Only one stretch of the listing below is wanted. Give it again exactly, from the line with "apply: (mulIf (geom_sum_neq0" through the line with "(forall i, coprime (s i).+1 q) ->".

*** The data ***

(* Let $q$ be a prime power, and let $\mu_{q+1}$ denote the group of all $(q+1)$-th roots of unity in $\mathbb{F}_{q^2}$. Pick an integer $v$ and a polynomial $D(X)\in\mathbb{F}_{q^2}[X]$ such that the function $c\mapsto c^v D(c)^{q-1}$ permutes $\mu_{q+1}$. Let $m$ be a nonnegative integer, and let $s_1,\dots,s_m$ and $t_1,\dots,t_m$ be positive integers such that for each $i$ we have $\gcd(s_i+1,q)=1$ and $(q+1)/\gcd(t_i,q+1)$ is coprime to $s_i+1$. (1) If $r$ is a positive integer such that $\gcd(r,q-1)=1$ and $r\equiv v+\sum_{i=1}^m s_it_i\pmod{q+1}$, then $X^r B(X^{q-1})$ permutes $\mathbb{F}_{q^2}$, where $B(X):=D(X)\prod_{i=1}^m \sum_{j=0}^{s_i} X^{jt_i}$. (2) If $B(X)\in\mathbb{F}_{q^2}[X]$ satisfies $D(X)=B(X)\prod_{i=1}^m\sum_{j=0}^{s_i} X^{jt_i}$, and $r$ is a positive integer such that $\gcd(r,q-1)=1$ and $r\equiv v-\sum_{i=1}^m s_it_i\pmod{q+1}$, then $X^r B(X^{q-1})$ permutes $\mathbb{F}_{q^2}$.
   Context: A polynomial $f(X)\in\mathbb{F}_{q^2}[X]$ is said to permute $\mathbb{F}_{q^2}$ (be a permutation polynomial) if the map $c\mapsto f(c)$ is a bijection of $\mathbb{F}_{q^2}$. For a polynomial $g$ (or expression $X^vD(X)^{q-1}$, which for $c\in\mu_{q+1}$ is well defined even if $v$ is negative), ''permutes $\mu_{q+1}$'' means that $c\mapsto g(c)$ maps $\mu_{q+1}$ bijectively onto itself. *)

From HB Require Import structures.
From mathcomp Require Import all_boot all_order all_algebra all_field.
Set Implicit Arguments. Unset Strict Implicit. Unset Printing Implicit Defensive.
Import GRing.Theory Num.Theory.
Local Open Scope ring_scope.

Definition prime_power (q : nat) : Prop :=
  exists p k : nat, [/\ prime p, (0 < k)%N & q = (p ^ k)%N].

Definition mu_root {F : finFieldType} (q : nat) : {set F} :=
  [set c : F | c ^+ q.+1 == 1].

Definition permutes_set {F : finFieldType} (A : {set F}) (g : F -> F) : Prop :=
  [/\ {in A, forall c, g c \in A},
      {in A &, injective g} &
      {in A, forall d, exists2 c, c \in A & g c = d}].

Definition is_perm_poly {F : finFieldType} (f : {poly F}) : Prop :=
  bijective (fun c : F => f.[c]).

Definition geom_poly {F : finFieldType} (s t : nat) : {poly F} :=
  \sum_(j < s.+1) 'X^(j * t).

From mathcomp Require Import all_boot all_order all_algebra all_field.
From mathcomp Require Import zify.
Import GRing.Theory.
Local Open Scope ring_scope.

(* For c in mu_{q+1} put x = c^t and g = 1 + x + ... + x^s.  Since x^q = x^-1,
   Frobenius gives x^s g^q = g, so c^(st) G(c)^(q-1) = 1 as soon as g != 0,
   where G = geom_poly s t; the two coprimality conditions make g != 0 both
   for x = 1 (g = s + 1) and for x != 1 (g = (x^(s+1) - 1)/(x - 1)).  Hence
   on mu_{q+1} the maps c |-> c^r B(c)^(q-1) of (1) and (2) coincide with
   c |-> c^v D(c)^(q-1).  The theorem then follows from the criterion that
   X^r B(X^(q-1)) permutes F_{q^2} when gcd(r, q-1) = 1 and c |-> c^r B(c)^(q-1)
   permutes mu_{q+1}: raising to the power q - 1 maps F_{q^2}^* onto mu_{q+1}
   and turns x^r B(x^(q-1)) into that map evaluated at x^(q-1). *)

Lemma expr_coprime_eq1 {R : pzRingType} {z : R} {a b : nat} :
  coprime a b -> z ^+ a = 1 -> z ^+ b = 1 -> z = 1.
Proof.
case: a => [|a] co_ab za zb.
  by move: co_ab; rewrite /coprime gcd0n => /eqP b1; rewrite b1 expr1 in zb.
have [u _] := Bezoutl b (ltn0Sn a); rewrite (eqP co_ab) => /dvdnP[k ek].
have : z ^+ (1 + u * b) = 1 by rewrite ek mulnC exprM za expr1n.
by rewrite exprD expr1 mulnC exprM zb expr1n mulr1.
Qed.

Lemma expr_eq1_unit {R : unitRingType} {c : R} {n : nat} :
  (0 < n)%N -> c ^+ n = 1 -> c \is a GRing.unit.
Proof. by move=> n_gt0 cn; rewrite -(unitrX_pos c n_gt0) cn unitr1. Qed.

Lemma exprz_eq_mod {R : unitRingType} {c : R} {n : nat} {a b : int} :
  c ^+ n = 1 -> (a = b %[mod n%:Z])%Z -> c ^ a = c ^ b.
Proof.
case: n => [_|n cn /eqP]; first by rewrite !modz0 => ->.
rewrite eqz_mod_dvd => /dvdzP[k ek].
rewrite -(subrK b a) ek exprzDr ?(expr_eq1_unit (ltn0Sn n) cn) //.
by rewrite mulrC -exprz_exp -exprnP cn exp1rz mul1r.
Qed.

Lemma exprq_sum {R : comNzSemiRingType} {q : nat}
    (I : Type) (r : seq I) (P : pred I) (f : I -> R) :
  [pchar R].-nat q -> (\sum_(i <- r | P i) f i) ^+ q = \sum_(i <- r | P i) f i ^+ q.
Proof.
move=> charR_q; apply: (big_morph _ (fun x y => exprDn_pchar x y charR_q)).
by rewrite expr0n; case: q charR_q.
Qed.

Lemma natr_coprime_neq0 {R : nzSemiRingType} {q : nat} (n : nat) :
  (1 < q)%N -> [pchar R].-nat q -> coprime n q -> n%:R != 0 :> R.
Proof.
move=> q_gt1 charR_q; have p_char : pdiv q \in [pchar R].
  by apply: pnatPpi charR_q _; rewrite pi_pdiv.
rewrite -(dvdn_pcharf p_char); apply: contraL => p_n; apply/negP => co_nq.
have := coprime_dvdr (pdiv_dvd q) (coprime_dvdl p_n co_nq).
by rewrite /coprime gcdnn => /eqP p1; move: (pdiv_prime q_gt1); rewrite p1.
Qed.

Lemma permutes_set_eq_in (F : finFieldType) (A : {set F}) (g h : F -> F) :
  {in A, g =1 h} -> permutes_set A g -> permutes_set A h.
Proof.
move=> eq_gh [gA g_inj g_onto]; split=> [c cA | c d cA dA | d dA].
- by rewrite -eq_gh ?gA.
- by rewrite -!eq_gh //; apply: g_inj.
- by have [c cA <-] := g_onto d dA; exists c; rewrite ?eq_gh.
Qed.

Section GeomPolyOnRootsOfUnity.

Variables (F : finFieldType) (q : nat).
Hypotheses (q_gt1 : (1 < q)%N) (charF_q : [pchar F].-nat q).

Lemma geom_sum_frobenius (x : F) (s : nat) : x ^+ q.+1 = 1 ->
  x ^+ s * (\sum_(j < s.+1) x ^+ j) ^+ q = \sum_(j < s.+1) x ^+ j.
Proof.
move=> xq; rewrite exprq_sum // mulr_sumr (reindex_inj rev_ord_inj) /=.
apply: eq_bigr => j _; rewrite subSS.
have js : (j <= s)%N by rewrite -ltnS.
by rewrite -{1}(subnKC js) exprD -mulrA -exprS -exprM mulnC exprM xq expr1n mulr1.
Qed.

Lemma geom_sum_neq0 {x : F} {s d : nat} :
  coprime s.+1 q -> coprime d s.+1 -> x ^+ d = 1 -> \sum_(j < s.+1) x ^+ j != 0.
Proof.
move=> co_sq co_ds xd; have [-> | x_neq1] := eqVneq x 1.
  rewrite (eq_bigr (fun=> 1)) => [|j _]; last exact: expr1n.
  by rewrite sumr_const card_ord (natr_coprime_neq0 _ q_gt1).
apply: contra x_neq1 => /eqP g0; apply/eqP; apply: expr_coprime_eq1 co_ds xd _.
by apply/eqP; rewrite -subr_eq0 subrX1 g0 mulr0.
Qed.

Lemma geom_poly_mu_root (c : F) (s t : nat) :
  coprime s.+1 q -> coprime (q.+1 %/ gcdn t q.+1) s.+1 -> c ^+ q.+1 = 1 ->
  c ^+ (s * t) * (geom_poly s t).[c] ^+ (q - 1) = 1.
Proof.
move=> co_sq co_ds cq; set x := c ^+ t.
have x_root : x ^+ q.+1 = 1 by rewrite -exprM mulnC exprM cq expr1n.
have x_order : x ^+ (q.+1 %/ gcdn t q.+1) = 1.
  rewrite -exprM muln_divA ?dvdn_gcdr // -divn_mulAC ?dvdn_gcdl //.
  by rewrite mulnC exprM cq expr1n.
have -> : (geom_poly s t).[c] = \sum_(j < s.+1) x ^+ j.
  by rewrite horner_sum; apply: eq_bigr => j _; rewrite hornerXn -exprM mulnC.
apply: (mulIf (geom_sum_neq0 co_sq co_ds x_order)).
rewrite mul1r -mulrA -exprSr subn1 prednK 1?ltnW //.
by rewrite mulnC exprM geom_sum_frobenius.
Qed.

Lemma prod_geom_poly_mu_root (I : Type) (r : seq I) (s t : I -> nat) (c : F) :
  (forall i, coprime (s i).+1 q) ->
  (forall i, coprime (q.+1 %/ gcdn (t i) q.+1) (s i).+1) ->
  c ^+ q.+1 = 1 ->
  c ^+ (\sum_(i <- r) s i * t i) *
    (\prod_(i <- r) geom_poly (s i) (t i)).[c] ^+ (q - 1) = 1.
Proof.
move=> co_s co_t cq; rewrite horner_prod -prodrXl -prodrXr -big_split /=.
by apply: big1 => i _; apply: geom_poly_mu_root.
Qed.

End GeomPolyOnRootsOfUnity.

Section PermPolyCriterion.

Context {F : finFieldType} {q : nat}.
Hypotheses (q_gt1 : (1 < q)%N) (cardF : #|F| = (q ^ 2)%N).

Lemma expr_subn1_mu_root {x : F} : x != 0 -> x ^+ (q - 1) \in mu_root q.
Proof.
move=> x_neq0; have card_units : ((q - 1) * q.+1).+1 = #|F| by rewrite cardF; nia.
rewrite inE -exprM; apply/eqP/(mulIf x_neq0).
by rewrite mul1r -exprSr card_units expf_card.
Qed.

Context {B : {poly F}} {r : nat}.
Hypotheses (r_gt0 : (0 < r)%N) (co_r : coprime r (q - 1)).
Hypothesis B_mu : permutes_set (mu_root q) (fun c => c ^+ r * B.[c] ^+ (q - 1)).

Let XrB := 'X^r * (B \Po 'X^(q - 1)).

Lemma hornerXrB_expr_subn1 (x : F) :
  XrB.[x] ^+ (q - 1) = (x ^+ (q - 1)) ^+ r * B.[x ^+ (q - 1)] ^+ (q - 1).
Proof.
by rewrite /XrB hornerM hornerXn horner_comp hornerXn exprMn -!exprM mulnC.
Qed.

Lemma hornerXrB_neq0 {x : F} : x != 0 -> XrB.[x] != 0.
Proof.
case: B_mu => B_mu_in _ _ x_neq0.
apply: contraTneq (B_mu_in _ (expr_subn1_mu_root x_neq0)) => /= XrB_x0.
rewrite -hornerXrB_expr_subn1 XrB_x0 expr0n subn_eq0 leqNgt q_gt1 inE expr0n /=.
by rewrite eq_sym oner_eq0.
Qed.

Lemma hornerXrB_inj (x y : F) : x != 0 -> y != 0 -> XrB.[x] = XrB.[y] -> x = y.
Proof.
case: B_mu => _ B_mu_inj _ x_neq0 y_neq0 XrB_xy.
have exy : x ^+ (q - 1) = y ^+ (q - 1).
  by apply: B_mu_inj; rewrite ?expr_subn1_mu_root //= -!hornerXrB_expr_subn1 XrB_xy.
set z := y / x.
have zq : z ^+ (q - 1) = 1 by rewrite exprMn exprVn exy divff // expf_neq0.
have zr : z ^+ r = 1.
  apply: (mulIf (hornerXrB_neq0 x_neq0)); rewrite mul1r {2}XrB_xy.
  rewrite /XrB !hornerM !hornerXn !horner_comp !hornerXn.
  by rewrite -exy mulrA -exprMn /z divfK.
by rewrite -(divfK x_neq0 y) -/z (expr_coprime_eq1 co_r zr zq) mul1r.
Qed.

Lemma XrB_perm_poly : is_perm_poly ('X^r * (B \Po 'X^(q - 1))).
Proof.
have XrB0 : XrB.[0] = 0 by rewrite /XrB hornerM hornerXn expr0n gtn_eqF ?mul0r.
apply: injF_bij => x y /=; rewrite -/XrB.
have [-> | x_neq0] := eqVneq x 0; have [-> | y_neq0] := eqVneq y 0 => //.
- by rewrite XrB0 => /esym/eqP; rewrite (negbTE (hornerXrB_neq0 y_neq0)).
- by rewrite XrB0 => /eqP; rewrite (negbTE (hornerXrB_neq0 x_neq0)).
exact: hornerXrB_inj.
Qed.

End PermPolyCriterion.

Theorem corollary3 (q : nat) (F : finFieldType) (v : int) (D : {poly F})
  (m : nat) (s t : 'I_m -> nat) :
  prime_power q ->
  #|F| = (q ^ 2)%N ->
  permutes_set (mu_root q) (fun c : F => c ^ v * (D.[c]) ^+ (q - 1)) ->
  (forall i, 0 < s i)%N ->
  (forall i, 0 < t i)%N ->
  (forall i, gcdn (s i).+1 q = 1%N) ->
  (forall i, coprime (q.+1 %/ gcdn (t i) q.+1) (s i).+1) ->
  (forall r : nat, (0 < r)%N -> coprime r (q - 1) ->
     (r%:Z = v + \sum_(i < m) ((s i * t i)%N)%:Z %[mod (q.+1)%:Z])%Z ->
     is_perm_poly ('X^r * ((D * \prod_(i < m) geom_poly (s i) (t i)) \Po 'X^(q - 1))))
  /\
  (forall (B : {poly F}) (r : nat),
     D = B * \prod_(i < m) geom_poly (s i) (t i) ->
     (0 < r)%N -> coprime r (q - 1) ->
     (r%:Z = v - \sum_(i < m) ((s i * t i)%N)%:Z %[mod (q.+1)%:Z])%Z ->
     is_perm_poly ('X^r * (B \Po 'X^(q - 1)))).
Proof.
move=> [p [k [p_prime k_gt0 q_pk]]] cardF D_mu _ _ co_s co_t.
have q_gt1 : (1 < q)%N by rewrite q_pk -{1}(expn0 p) ltn_exp2l // prime_gt1.
have charF_q : [pchar F].-nat q.
  have p_char : p \in [pchar F].
    by apply: (card_finPcharP (n := (k * 2)%N)); rewrite // cardF q_pk -expnM.
  by rewrite q_pk pnatX (pnatE _ p_prime) p_char.
rewrite -(big_morph _ PoszD (erefl 0%:Z)); set S := (\sum_(i < m) _)%N.
set P := \prod_(i < m) _.
have root_mu (c : F) : c \in mu_root q -> c ^+ q.+1 = 1 by rewrite inE => /eqP.
have P_mu : {in mu_root q, forall c : F, c ^+ S * P.[c] ^+ (q - 1) = 1}.
  by move=> c /root_mu cq; apply: prod_geom_poly_mu_root => // i; apply/eqP.
split=> [r r_gt0 co_r r_mod | B r D_BP r_gt0 co_r r_mod];
  apply: (XrB_perm_poly q_gt1 cardF r_gt0 co_r);
  apply: permutes_set_eq_in D_mu => c c_mu /=;
  have c_unit := expr_eq1_unit (ltn0Sn q) (root_mu c c_mu).
- rewrite [c ^+ r]exprnP (exprz_eq_mod (root_mu c c_mu) r_mod) exprzDr //.
  by rewrite -exprnP hornerM exprMn mulrACA P_mu // mulr1.
- rewrite -(subrK (S%:Z) v) exprzDr // -(exprz_eq_mod (root_mu c c_mu) r_mod).
  by rewrite -!exprnP D_BP hornerM exprMn mulrACA P_mu // mulr1.
Qed.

*** End of The data ***

Answer to this exercise.
apply: (mulIf (geom_sum_neq0 co_sq co_ds x_order)).
rewrite mul1r -mulrA -exprSr subn1 prednK 1?ltnW //.
by rewrite mulnC exprM geom_sum_frobenius.
Qed.

Lemma prod_geom_poly_mu_root (I : Type) (r : seq I) (s t : I -> nat) (c : F) :
  (forall i, coprime (s i).+1 q) ->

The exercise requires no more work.